Saturday, January 10, 2026

Sweetie's new digs


"Are you the person who took Sweetie?" I asked the woman who answered the doorbell. "I wanted to thank you." She was, and I did. We adjourned to one of the rooms in her house; the TV was playing Nemo over a comfy dog bed. And there she was! I'd been afraid that Sweetie might be completely unsocialized after her years alone on the fenced lanai. But she came over to say hello, and has clearly bonded with her new person. Mary is retired military; she did logistics for the army groups that traveled to excavate the graves of dead Americans in SE Asia. While in Vietnam, she had visited the Hanoi Hilton; she's also following the Theravadan monks on their walk across the south, and I told her about the weeping man who told the head monk that his father had been a POW there.
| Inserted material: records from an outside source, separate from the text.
Lemma cover_decomposition {n} (u : 'I_n -> cover) :
  exists js c, uniq js /\ forall i, val (u i) = lincomb js (c i) generic.
Proof.
have /choice [rep Hrep] : forall i, exists p : seq wtuple * (wtuple -> nat -> R),
    uniq p.1 /\ val (u i) = lincomb p.1 p.2 generic.
  by move=> i; have /asboolP [js [c Hc]] := valP (u i); exists (js, c).
pose js := undup (flatten [seq (rep i).1 | i <- enum 'I_n]).
have ujs : uniq js := undup_uniq _.
have sub i : {subset (rep i).1 <= js}.
  by move=> j jin; rewrite mem_undup; apply/flatten_mapP; exists i; rewrite ?mem_enum.
exists js, (fun i j l => if j \in (rep i).1 then (rep i).2 j l else 0); split => // i.
by have [u_i ->] := Hrep i; exact: lincomb_widen.
Qed.

(* Pure-projective modules are Mittag-Leffler: a section of the cover writes
   a tuple of P as a combination of generic tuples, and the pp formula
   describing such combinations is below every formula of its pp-type,
   since each failure is already tested in the corresponding factor. *)
Lemma pure_projective_mittag_leffler : pure_projective P -> mittag_leffler P.
Proof.
move=> P_pproj n s.
have [h [h_lin hK]] := P_pproj cover P cover_proj cover_proj_pure id (fun _ _ _ => erefl).
have [js [c [ujs Ehs]]] := cover_decomposition (fun i => h (s i)).
have [phi Hphi] := lincomb_definable c ujs.
exists phi; split.
- apply/Hphi; exists (r_tup tautological); split => [j _ | i]; first exact: valid_tautological.
  by rewrite -[s i]hK /cover_proj Ehs (lincomb_map _ _ _ (proj_lin _ None)).
- move=> psi psi_s N _ x /Hphi [b [Hb Ex]].
  have -> : x = (fun i => lincomb js (c i) b) by apply: funext.
  pose k := @Failure n js c psi.
  apply: (@counterexample_universal k) => //.
  have := pp_holds_map (proj_lin _ (Some k)) (pp_holds_map val_lin (pp_holds_map h_lin psi_s)).
  by congr pp_holds; apply: funext => i; rewrite Ehs (lincomb_map _ _ _ (proj_lin _ _)).
Qed.

End PureProjectiveMittagLeffler.

Theorem theorem5p10 (R : pzRingType) (L : mclass R) :
  purely_resolving L ->
  forall M : lmodType R, L M -> atomic L M -> mittag_leffler M.
Proof.
case=> B [B_pproj _ L_PGen] M LM M_atomic n m.
have [I [Bi [S [iota [p [Bi_B [S_dsum p_pure]]]]]]] := (L_PGen M).1 LM.
have LS : L S.
  apply/L_PGen; exists I, Bi, S, iota, (fun x => x).
  by split; last split; [| exact: S_dsum | exact: id_pure_epi].
have S_pproj : pure_projective S := dsum_pure_projective S_dsum (fun i => B_pproj _ (Bi_B i)).
have [phi [phi_m phi_min]] := M_atomic n m.
have [s [ps phi_s]] := pure_epi_lifts_pp p_pure _ _ _ phi_m.
have [phi' [phi'_s phi'_min]] := pure_projective_mittag_leffler S_pproj _ s.
exists phi'; split => [| psi psi_m].
  have -> : m = (fun j => p (s j)) by apply: funext => j; rewrite ps.
  by case: p_pure => p_lin _ _; exact: (pp_holds_map p_lin phi'_s).
by apply: phi'_min; exact: phi_min psi psi_m S LS s phi_s.
Qed.
Lemma card_Aut_dprod_coprime H K G : H \x K = G -> coprime #|H| #|K| ->
  #|Aut G| = (#|Aut H| * #|Aut K|)%N.
Proof.
move=> defG coHK; have [_ defHK _ _] := dprodP defG.
have [sHG sKG] : H \subset G /\ K \subset G by rewrite -defHK mulG_subl mulG_subr.
have chH := dprod_coprime_char defG coHK.
have chK : K \char G by rewrite (@dprod_coprime_char K H) 1?dprodC // coprime_sym.
have restrE (L : {group gT}) a : L \char G -> a \in Aut G -> {in L, restr_perm L a =1 a}.
  by move=> chL autGa x Lx; rewrite restr_permE // (char_Aut_astabs chL).
pose rho a := (restr_perm H a, restr_perm K a).
rewrite -cardsX -(@card_in_imset _ _ rho); last first.
  move=> a b autGa autGb [eqH eqK]; apply: (eq_Aut autGa autGb) => x.
  case/(mem_dprod defG)=> u [v [Hu Kv -> _]].
  have [Gu Gv] := (subsetP sHG u Hu, subsetP sKG v Kv).
  rewrite (morphicP (Aut_morphic autGa)) // (morphicP (Aut_morphic autGb)) //.
  by rewrite -(restrE _ a chH) // -(restrE _ a chK) // eqH eqK !restrE.
apply: eq_card => -[b c]; rewrite inE /=.
apply/imsetP/andP=> [[a autGa [-> ->]] | [autHb autKc]].
  by rewrite (Aut_restr_perm sHG) ?(Aut_restr_perm sKG).
have [a autGa [aH aK]] := Aut_dprod_extend defG autHb autKc.
exists a => //; congr pair.
  by apply: (eq_Aut autHb (Aut_restr_perm sHG autGa)) => x Hx; rewrite restrE ?aH.
by apply: (eq_Aut autKc (Aut_restr_perm sKG autGa)) => x Kx; rewrite restrE ?aK.
Qed.

End AutDirectProduct.

Section DirectPower.
Variables (gT : finGroupType) (k : nat).
Local Open Scope group_scope.

Lemma card_dffun_power : #|[set: {dffun 'I_k -> gT}]| = (#|gT| ^ k)%N.
Proof. by rewrite cardsT card_ffun card_ord. Qed.

Lemma abelian_dffun_power : abelian [set: gT] -> abelian [set: {dffun 'I_k -> gT}].
Proof.
move=> cTT; apply/centsP=> x _ y _; apply/ffunP=> i; rewrite !mulg_ffun.
by apply: (centsP cTT); rewrite inE.
Qed.

Lemma card_Aut_dffun_power_ge : (1 < #|gT|)%N ->
  (k`! <= #|Aut [set: {dffun 'I_k -> gT}]|)%N.
Proof.
move=> gT_nt; have /trivgPn[g _ ntg] : [set: gT] != 1.
  by rewrite trivg_card1 cardsT gtn_eqF.
pose shift (s : {perm 'I_k}) (x : {dffun 'I_k -> gT}) : {dffun 'I_k -> gT} :=
  [ffun i => x (s i)].
have shift_inj s : injective (shift s).
  move=> x y /ffunP eq_xy; apply/ffunP=> i.
  by have := eq_xy (s^-1 i); rewrite !ffunE permKV.
pose P s := perm (shift_inj s).
have P_inj : injective P.
  move=> s t eq_st; apply/permP=> i; apply/eqP/negPn/negP=> neq_st; case/negP: ntg.
  pose x : {dffun 'I_k -> gT} := [ffun j => if j == s i then g else 1].
  have := congr1 (fun p : {perm _} => p x i) eq_st.
  by rewrite !permE !ffunE eqxx eq_sym (negbTE neq_st) => ->.
rewrite -card_Sn -(card_imset _ P_inj); apply/subset_leq_card/subsetP=> _ /imsetP[s _ ->].
rewrite inE; apply/andP; split; first by apply/subsetP=> x; rewrite inE.
by apply/morphicP=> x y _ _; rewrite !permE; apply/ffunP=> i; rewrite !ffunE.
Qed.

End DirectPower.

Lemma abelian_setX (aT rT : finGroupType) (H : {group aT}) (K : {group rT}) :
  abelian H -> abelian K -> abelian (setX H K).
Proof.
move=> cHH cKK; apply/centsP=> -[a b] /setXP[Ha Hb] [c d] /setXP[Hc Hd].
by congr pair; [apply: (centsP cHH) | apply: (centsP cKK)].
Qed.

Lemma card_Aut_isog (aT rT : finGroupType) (H : {group aT}) (K : {group rT}) :
  H \isog K -> #|Aut H| = #|Aut K|.
Proof. by case/isogP=> f injf <-; rewrite (card_isog (injm_Aut injf (subxx H))). Qed.

Lemma Zp_cyclic n : cyclic (Zp n).
Proof. by rewrite /Zp; case: ifP => _; rewrite ?cyclic1 // Zp_cycle cycle_cyclic. Qed.

Lemma exp2_mul_le_fact m : (2 ^ (m + 4) * m.+1 <= (m + 4)`!)%N.
Proof. by elim: m => [|m IHm] //; rewrite addSn factS expnS; nia. Qed.

Section AutRatio.
Variable R : realType.
Local Open Scope ring_scope.

Lemma autratio_setX (aT rT : finGroupType) (H : {group aT}) (K : {group rT}) :
  coprime #|H| #|K| -> autratio R (setX H K) = autratio R H * autratio R K.
Proof.
move=> coHK; have [isoH isoK] := (isog_setX1 rT H, isog_set1X aT K).
have co1 : coprime #|setX H (1 : {set rT})%g| #|setX (1 : {set aT})%g K|.
  by rewrite !cardsX !cards1 muln1 mul1n.
rewrite /autratio (card_Aut_dprod_coprime (setX_dprod _ _) co1).
by rewrite -(card_Aut_isog isoH) -(card_Aut_isog isoK) cardsX !natrM invfM mulrACA.
Qed.

Lemma autratio_Zp n : (0 < n)%N -> autratio R (Zp n) = totient_ratio R n.
Proof. by move=> n_gt0; rewrite /autratio card_Aut_cyclic ?Zp_cyclic // card_Zp. Qed.

Lemma autratio_elementary_unbounded (c : R) :
  exists k, c <= autratio R [set: {dffun 'I_k -> 'Z_2}]%G.
Proof.
set m := Num.bound `|c|; have c_lt_m : `|c| < m%:R by rewrite archi_boundP.
have card_Z2 : #|'Z_2| = 2%N by rewrite card_ord.
exists (m + 4)%N; rewrite /autratio card_dffun_power card_Z2.
rewrite ler_pdivlMr ?ltr0n ?expn_gt0 //.
apply: (@le_trans _ _ (m.+1%:R * (2 ^ (m + 4))%:R)).
  by rewrite ler_pM2r ?ltr0n ?expn_gt0 // -natr1; have := ler_norm c; lra.
rewrite -natrM ler_nat mulnC (leq_trans (exp2_mul_le_fact m)) //.
by rewrite card_Aut_dffun_power_ge ?card_Z2.
Qed.

End AutRatio.

Local Open Scope ring_scope.

Theorem theorem1p1 (R : realType) (x e : R) (hx : 0 <= x) (he : 0 < e) :
  exists (gT : finGroupType) (G : {group gT}),
    abelian G /\ `|autratio R G - x| < e.
Proof.
have [k A_ge] := autratio_elementary_unbounded (x + 1).
set E := [set: {dffun 'I_k -> 'Z_2}]%G in A_ge; set A := autratio R E in A_ge.
have A_gt0 : 0 < A by lra.
have [|n [odd_n /andP[g_ge g_lt]]] :=
  @odd_totient_ratio_dense R (x / A) (e / A) _ (divr_gt0 he A_gt0).
  by rewrite divr_ge0 ?(ltW A_gt0) //= ler_pdivrMr // mul1r; lra.
have coEn : coprime #|E| #|Zp n|.
  by rewrite card_Zp ?odd_gt0 // card_dffun_power card_ord coprimeXl ?coprime2n.
exists _, (setX E (Zp n)); split.
  by rewrite abelian_setX ?abelian_dffun_power ?cyclic_abelian ?Zp_cyclic ?Zp_abelian.
rewrite autratio_setX // autratio_Zp ?odd_gt0 // -/A.
move: g_ge g_lt; rewrite -mulrDl ler_pdivrMr // ltr_pdivlMr // [_ * A]mulrC => g_ge g_lt.
by rewrite ltr_norml; apply/andP; split; lra.
Qed.
Lemma open_normal_closure_set x y : open_in_G (normal_closure_set x y).
Proof.
  intros B [HB [Hx1 | Hncl]]; split; [exact HB| |exact HB|].
  - exists []. intros B' HB' _. split; [exact HB'|left; exact Hx1].
  - destruct (in_normal_closure_local B x y Hncl) as [F HF].
    exists F. intros B' HB' Hag. split; [exact HB'|right; exact (HF B' Hag)].
Qed.

(** * Countably infinite sets *)

Definition infinite {T} (P : T -> Prop) : Prop :=
  exists f : nat -> T, (forall n, P (f n)) /\ (forall n m, f n = f m -> n = m).

Definition bijection_onto {A T} (P : T -> Prop) (e : A -> T) (r : T -> A) : Prop :=
  (forall a, P (e a)) /\ (forall a, r (e a) = a) /\ (forall t, P t -> e (r t) = t).

Lemma injective_unbounded (h : nat -> nat) :
  (forall a b, h a = h b -> a = b) -> forall m, exists k, m <= h k.
Proof.
  intros Hinj m. apply NNPP. intro Hnone.
  assert (Hlt : forall k, h k < m).
  { intro k. destruct (Nat.lt_ge_cases (h k) m) as [Hk|Hk]; [exact Hk|].
    destruct (Hnone (ex_intro _ k Hk)). }
  assert (Hnodup : NoDup (map h (seq 0 (S m))))
    by (apply Injective_map_NoDup; [intros a b; apply Hinj | apply seq_NoDup]).
  assert (Hincl : incl (map h (seq 0 (S m))) (seq 0 m)).
  { intros z Hz. apply in_map_iff in Hz. destruct Hz as [k [<- _]].
    apply in_seq. specialize (Hlt k). lia. }
  pose proof (NoDup_incl_length Hnodup Hincl) as Hlen.
  rewrite length_map, !length_seq in Hlen. lia.
Qed.

Section IncreasingEnumeration.
Variable Q : nat -> Prop.
Hypothesis Q_unbounded : forall m, exists n, m <= n /\ Q n.

Definition next_in (m : nat) : nat :=
  proj1_sig (epsilon_smallest (fun q => m <= q /\ Q q)
               (fun q => excluded_middle_informative _) (Q_unbounded m)).

Lemma next_in_spec m :
  (m <= next_in m /\ Q (next_in m)) /\ forall q, m <= q /\ Q q -> next_in m <= q.
Proof. unfold next_in. destruct (epsilon_smallest _ _ _) as [q Hq]. exact Hq. Qed.

Fixpoint enum_in (n : nat) : nat :=
  match n with
  | O => next_in 0
  | S k => next_in (S (enum_in k))
  end.

Lemma enum_in_Q n : Q (enum_in n).
Proof. destruct n; apply next_in_spec. Qed.

Lemma enum_in_lt_succ n : enum_in n < enum_in (S n).
Proof. apply next_in_spec. Qed.

Lemma enum_in_lt n m : n < m -> enum_in n < enum_in m.
Proof.
  induction 1 as [|m _ IH]; [apply enum_in_lt_succ|].
  pose proof (enum_in_lt_succ m). lia.
Qed.

Lemma enum_in_inj n m : enum_in n = enum_in m -> n = m.
Proof.
  intro E. destruct (Nat.lt_trichotomy n m) as [Hlt|[Heq|Hlt]]; [|exact Heq|];
    apply enum_in_lt in Hlt; lia.
Qed.

Lemma enum_in_ge n : n <= enum_in n.
Proof. induction n; [lia|]. pose proof (enum_in_lt_succ n). lia. Qed.

Lemma enum_in_below q n : Q q -> q < enum_in n -> exists m, enum_in m = q.
Proof.
  intro Hq. induction n as [|n IH]; intro Hlt.
  - exfalso. pose proof (proj2 (next_in_spec 0) q (conj (Nat.le_0_l q) Hq)). simpl in Hlt. lia.
  - destruct (Nat.lt_trichotomy q (enum_in n)) as [Hlt'|[Heq|Hgt]].
    + exact (IH Hlt').
    + exists n. symmetry. exact Heq.
    + exfalso. pose proof (proj2 (next_in_spec (S (enum_in n))) q (conj Hgt Hq)).
      simpl in Hlt. lia.
Qed.

Lemma enum_in_surj q : Q q -> exists n, enum_in n = q.
Proof.
  intro Hq. apply (enum_in_below q (S q) Hq).
  pose proof (enum_in_ge (S q)). lia.
Qed.

End IncreasingEnumeration.

Lemma bijection_onto_of_enumeration {A T} (a0 : A) (P : T -> Prop) (e : A -> T) :
  (forall a, P (e a)) -> (forall a b, e a = e b -> a = b) ->
  (forall t, P t -> exists a, e a = t) ->
  exists r, bijection_onto P e r.
Proof.
  intros He Hinj Hsurj.
  exists (fun t => epsilon (inhabits a0) (fun a => e a = t)).
  assert (Hr : forall t, P t -> e (epsilon (inhabits a0) (fun a => e a = t)) = t)
    by (intros t Ht; apply epsilon_spec, Hsurj, Ht).
  split; [exact He|split; [|exact Hr]].
  intro a. apply Hinj, Hr, He.
Qed.

Lemma countable_infinite_bijection {T} (P : T -> Prop) (code : T -> nat) :
  (forall s t, P s -> P t -> code s = code t -> s = t) -> infinite P ->
  exists (e : nat -> T) r, bijection_onto P e r.
Proof.
  intros Hcode [f [Hf Hfinj]].
  set (Q := fun n => exists t, P t /\ code t = n).
  assert (Q_unbounded : forall m, exists n, m <= n /\ Q n).
  { intro m. destruct (injective_unbounded (fun k => code (f k))) with (m := m) as [k Hk].
    - intros a b E. apply Hfinj, Hcode; auto.
    - exists (code (f k)). split; [exact Hk|exists (f k); auto]. }
  set (decode := fun n => epsilon (inhabits (f 0)) (fun t => P t /\ code t = n)).
  assert (Hdecode : forall n, Q n -> P (decode n) /\ code (decode n) = n)
    by (intros n Hn; apply epsilon_spec, Hn).
  set (e := fun n => decode (enum_in Q Q_unbounded n)).
  assert (He : forall n, P (e n) /\ code (e n) = enum_in Q Q_unbounded n)
    by (intro n; apply Hdecode, enum_in_Q).
  exists e. apply (bijection_onto_of_enumeration 0); [apply He| |].
  - intros n m E. apply (enum_in_inj Q Q_unbounded).
    rewrite <- (proj2 (He n)), <- (proj2 (He m)), E. reflexivity.
  - intros t Ht. destruct (enum_in_surj Q Q_unbounded (code t)) as [n Hn]; [exists t; auto|].
    exists n. apply Hcode; [apply He|exact Ht|]. rewrite (proj2 (He n)). exact Hn.
Qed.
She flinched at the memory of her visit. 
 
Shortly after my confrontation with the previous "owner," and before the Humane Society came by, the owner had told Mary that she could have the dog. "Take her," he'd said. She'd asked for Sweetie a year ago, but he didn't want to give her away then. All she could do was to give Sweetie a platform that got her off the cement. Mary decided to think it over, but that next night was cold and wet, so she took Sweetie into her home already populated with a rescue dog and several foster cats. The vet had said they'd check her heart first; if there was something wrong, it's wouldn't be worth going further. Her heart was strong! She was 25 pounds underweight was all. All.
 
Sweetie couldn't walk when Mary got her a few days ago. She's now walking, indoors and out. "Has a bit of a swagger when I take her on short walks," Mary reported. Sweetie's a lovely soul, and she sure smells better than she used to. "For however long she has left," Mary told me, "Sweetie will have a good life."